We have been investigating performance issues using GPU direct from latest release of cuda4.0rc2 since last Friday. We have four C2050 installed on a Linux box running Fedoda 13 (x86_64) with kernel 220.127.116.11. The machine has 4 PCI-E 2.0 slots with dual quad-core Intel E5630 running 2.53GHz, and it is equipped with 48 GByte 1066 MHz host memory. The NVIDIA driver is 270.40. What we have been doing is to measure data transfer bandwidth using GPU direct from one GPU to another and total data transfer bandwidth for 4 GPUs in a 1-dimensional ring. The test code is rather simple. We use cudaMemcpyPeer or cudaMemcpyPeerAsync to transfer data from one GPU to another. The timing values are obtained using cudaEventRecord and cudaEventEventElapsedTime after cudaEventSynchronize. The test code runs well, but we are puzzled by the results. The GPU direct data transfer bandwidth from one GPU to another is 3.5 GB/s which is very similar to the data transfer bandwidth between two GPUs using MPI. Unfortunately, the total GPU direct data transfer bandwidth for 1-D ring (GPU 1 --> GPU 2 --> GPU3 --> GPU4 -->GPU1) is around 5 GB/s which is much smaller than the aggregated data transfer bandwidth 8 GB/s using host memory (via MPI).

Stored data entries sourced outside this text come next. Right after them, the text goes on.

Lemma full_row_size s : full_row s -> size s = #|A|.
Proof. by move=> H; rewrite (perm_size H) cardE. Qed.

Lemma full_row_mem s a : full_row s -> a \in s.
Proof. by move=> H; rewrite (perm_mem H) mem_enum. Qed.

Lemma prefix_irreducible_sym s r : prefix_irreducible s r -> prefix_irreducible r s.
Proof. by move=> H k Hk E; apply: (H k Hk) => a; rewrite E. Qed.

Lemma is_bij_pos s : full_row s -> is_bij (pos s).
Proof.
move=> H; split.
- by move=> a; rewrite /pos /= -(full_row_size H) index_mem full_row_mem.
- by move=> a b [] /(index_inj a (full_row_mem a H) (full_row_mem b H)).
- move=> k /andP [H1 H2]; case: s H => [|a0 s'] H.
    by move: (full_row_size H) H2 => /= <-; case: k H1.
  exists (nth a0 (a0 :: s') k.-1); rewrite /pos index_uniq ?(full_row_uniq H) //.
    by case: k H1 {H2}.
  by rewrite (full_row_size H); case: k H1 H2.
Qed.

Lemma pos_of_bij (a0 : A) (f : A -> nat) : is_bij f -> exists2 s, full_row s & pos s =1 f.
Proof.
case=> Hrange Hinj Hsurj.
pose g k := odflt a0 [pick a | f a == k].
have Hg k : 1 <= k <= #|A| -> f (g k) = k.
  move=> Hk; rewrite /g; case: pickP => [a /eqP // | H].
  by case: (Hsurj k Hk) => a Ha; move: (H a); rewrite Ha eqxx.
have Hga a : g (f a) = a by apply: Hinj; apply: Hg.
pose s := [seq g k | k <- iota 1 #|A|].
have Hs : size s = #|A| by rewrite size_map size_iota.
have Hfa a : (f a).-1 < #|A| by have /andP [H1 H2] := Hrange a; rewrite -ltnS prednK.
have Hnth a : nth a0 s (f a).-1 = a.
  have /andP [H1 _] := Hrange a.
  by rewrite (nth_map 0) ?size_iota // nth_iota // add1n prednK.
have Hu : uniq s.
  rewrite map_inj_in_uniq ?iota_uniq // => k1 k2; rewrite !mem_iota add1n ltnS => H1 H2 E.
  by rewrite -(Hg k1 H1) E Hg.
exists s.
  apply: uniq_perm => //; first exact: enum_uniq.
  by move=> a; rewrite mem_enum -(Hnth a) mem_nth // Hs.
move=> a; rewrite /pos -{1}(Hnth a) index_uniq ?Hs //.
by have /andP [H1 _] := Hrange a; rewrite prednK.
Qed.

Lemma pos_take s k : full_row s ->
  [set a | 1 <= pos s a <= k] = [set a | a \in take k s].
Proof. by move=> H; apply/setP => a; rewrite !inE /pos /= in_take ?full_row_mem. Qed.

Lemma irreducible_rows_pair s r : irreducible_rows s r -> irreducible (rows_pair s r).
Proof.
case=> Hs Hr Hi; split; first by split; apply: is_bij_pos.
move=> k Hk; rewrite /rows_pair /= !pos_take //.
apply/negP => /eqP E; apply: (Hi k Hk) => a.
by move/setP: E => /(_ a); rewrite !inE.
Qed.

Lemma prefix_irreducible_of_pair s r : full_row s -> full_row r ->
  irreducible (rows_pair s r) -> prefix_irreducible s r.
Proof.
move=> Hs Hr [_ H] k Hk E; move: (H k Hk); rewrite /rows_pair /= !pos_take //.
by move/eqP; apply; apply/setP => a; rewrite !inE E.
Qed.

Lemma index_rcons_last r (z : A) : uniq (rcons r z) -> index z (rcons r z) = size r.
Proof.
rewrite rcons_uniq => /andP [Hz _]; rewrite -cats1 index_cat (negbTE Hz) /=.
by rewrite eqxx addn0.
Qed.

Lemma last_letter_rows p e r z :
  row p e = pos (rcons r z) -> full_row (rcons r z) -> last_letter p e = Some z.
Proof.
move=> He Hr; have Hu := full_row_uniq Hr; have Hs := full_row_size Hr.
rewrite size_rcons in Hs.
rewrite /last_letter He; case: pickP => [a Ha | H].
  congr Some; move/eqP: Ha; rewrite /pos -Hs => -[] Ea.
  apply: (index_inj a (full_row_mem a Hr)); first by rewrite mem_rcons mem_head.
  by rewrite index_rcons_last.
by move: (H z); rewrite /pos index_rcons_last // Hs eqxx.
Qed.

Lemma rauzy_row_rows p e r z P Q w :
  row p e = pos (rcons r z) -> row p (~~ e) = pos (P ++ z :: rcons Q w) ->
  full_row (rcons r z) -> full_row (P ++ z :: rcons Q w) ->
  rauzy_row p e =1 pos (P ++ z :: w :: Q).
Proof.
move=> He Hne Hr Hq b.
have Hu := full_row_uniq Hq; have Hsz := full_row_size Hq; have Hb := full_row_mem b Hq.
move: Hu; rewrite cat_uniq /= rcons_uniq mem_rcons inE has_rcons negb_or.
case/and5P=> _ /andP [HzP /norP [HwP _]] /norP [_ HzQ] HwQ _.
rewrite /rauzy_row (last_letter_rows He Hr) Hne /pos [index z _]index_cat (negbTE HzP) /= eqxx.
rewrite -Hsz size_cat /= size_rcons addn0.
case: (boolP (b \in P)) => HbP.
  have Hi : index b P < size P by rewrite index_mem.
  by rewrite !index_cat HbP ifT //; lia.
rewrite !index_cat (negbTE HbP) /=.
case: (eqVneq z b) => [_|Hzb]; first by rewrite addn0 leqnn.
case: (eqVneq w b) => [<-|Hwb].
  rewrite -cats1 index_cat (negbTE HwQ) /= eqxx !addn0.
  by rewrite ifF ?ifF ?addn1 //; apply/negbTE; rewrite -leqNgt; clear; lia.
have HbQ : b \in Q.
  move: Hb; rewrite mem_cat (negbTE HbP) /= inE eq_sym (negbTE Hzb) /=.
  by rewrite mem_rcons inE eq_sym (negbTE Hwb).
have Hi : index b Q < size Q by rewrite index_mem.
rewrite -cats1 index_cat HbQ ifF ?ifT; first by rewrite !addnS.
  by clear -Hi; lia.
by apply/negbTE; rewrite -leqNgt; clear; lia.
Qed.

End Rows.

Section Rotation.
Variable A : finType.
Implicit Types (s r q : seq A) (p : pairT A).

Definition class_rows p s r :=
  in_rauzy_class p (rows_pair s r) /\ irreducible_rows s r.

(* [r] is row [e] and [q] the other one. *)
Definition class_rows_at e p r q :=
  if e then class_rows p q r else class_rows p r q.

Lemma take_cat_cons_eq (P X Y : seq A) z k : k <= (size P).+1 ->
  take k (P ++ z :: X) = take k (P ++ z :: Y).
Proof.
move=> Hk; rewrite -!cat_rcons !take_cat size_rcons; case: ltnP => // Hk2.
have -> : k - (size P).+1 = 0 by apply/eqP; rewrite subn_eq0.
by rewrite !take0.
Qed.

Lemma prefix_irreducible_rotate r z P Q w :
  full_row (rcons r z) -> full_row (P ++ z :: rcons Q w) ->
  prefix_irreducible (rcons r z) (P ++ z :: rcons Q w) ->
  prefix_irreducible (rcons r z) (P ++ z :: w :: Q).
Proof.
move=> Hr Hq Hi k Hk E.
have HzP : z \notin P.
  by move: (full_row_uniq Hq); rewrite cat_uniq /= => /and3P [_ /norP []].
case: (leqP k (size P).+1) => Hk'.
  by apply: (Hi k Hk) => a; rewrite E (@take_cat_cons_eq P (w :: Q) (rcons Q w) z k Hk').
have Hz1 : z \in take k (P ++ [:: z, w & Q]).
  have Hzq : z \in P ++ [:: z, w & Q] by rewrite mem_cat mem_head orbT.
  by rewrite (in_take _ Hzq) index_cat (negbTE HzP) /= eqxx addn0 ltnW.
have Hz2 : z \notin take k (rcons r z).
  have Hs := full_row_size Hr; rewrite size_rcons in Hs.
  rewrite (in_take _ (full_row_mem z Hr)) index_rcons_last ?full_row_uniq // -leqNgt.
  by move: Hk; rewrite -Hs => /andP [_]; rewrite ltnS.
by move: Hz2; rewrite E Hz1.
Qed.

Lemma class_rows_rotate1 e p r z P Q w :
  class_rows_at e p (rcons r z) (P ++ z :: rcons Q w) ->
  class_rows_at e p (rcons r z) (P ++ z :: w :: Q).
Proof.
have Hperm : perm_eq (P ++ z :: w :: Q) (P ++ z :: rcons Q w).
  by rewrite perm_cat2l perm_cons perm_sym perm_rcons.
case: e => -[Hc [H0 H1 H2]] /=.
- have := rc_step true Hc (irreducible_rows_pair (And3 H0 H1 H2)).
  rewrite /rauzy /rows_pair /= (functional_extensionality _ _ (rauzy_row_rows _ _ H1 H0)) //.
  move=> Hc'; split=> //; split=> //; first exact: perm_trans Hperm H0.
  exact/prefix_irreducible_sym/prefix_irreducible_rotate/prefix_irreducible_sym.
- have := rc_step false Hc (irreducible_rows_pair (And3 H0 H1 H2)).
  rewrite /rauzy /rows_pair /= (functional_extensionality _ _ (rauzy_row_rows _ _ H0 H1)) //.
  move=> Hc'; split=> //; split=> //; first exact: perm_trans Hperm H1.
  exact: prefix_irreducible_rotate.
Qed.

In addition, we also tried using GPU kernels to access remote GPU memory address directly. According to cuda4.0 document “CUDA_C_Programming_Guide” section 18.104.22.168 “Peer-to-Peer Memory Access”, one is able to access device memory on remote GPUs from a GPU kernel running on a different GPU. However, when we tried to use this feature by accessing the remote memory address of a float array on another GPU from a GPU kernel, we had a kernel launch failure error.
Has anyone observed the similar poor performance number using GPU direct? Has anyone tried to launch a GPU kernel to access remote GPU memory address with success? Thank you.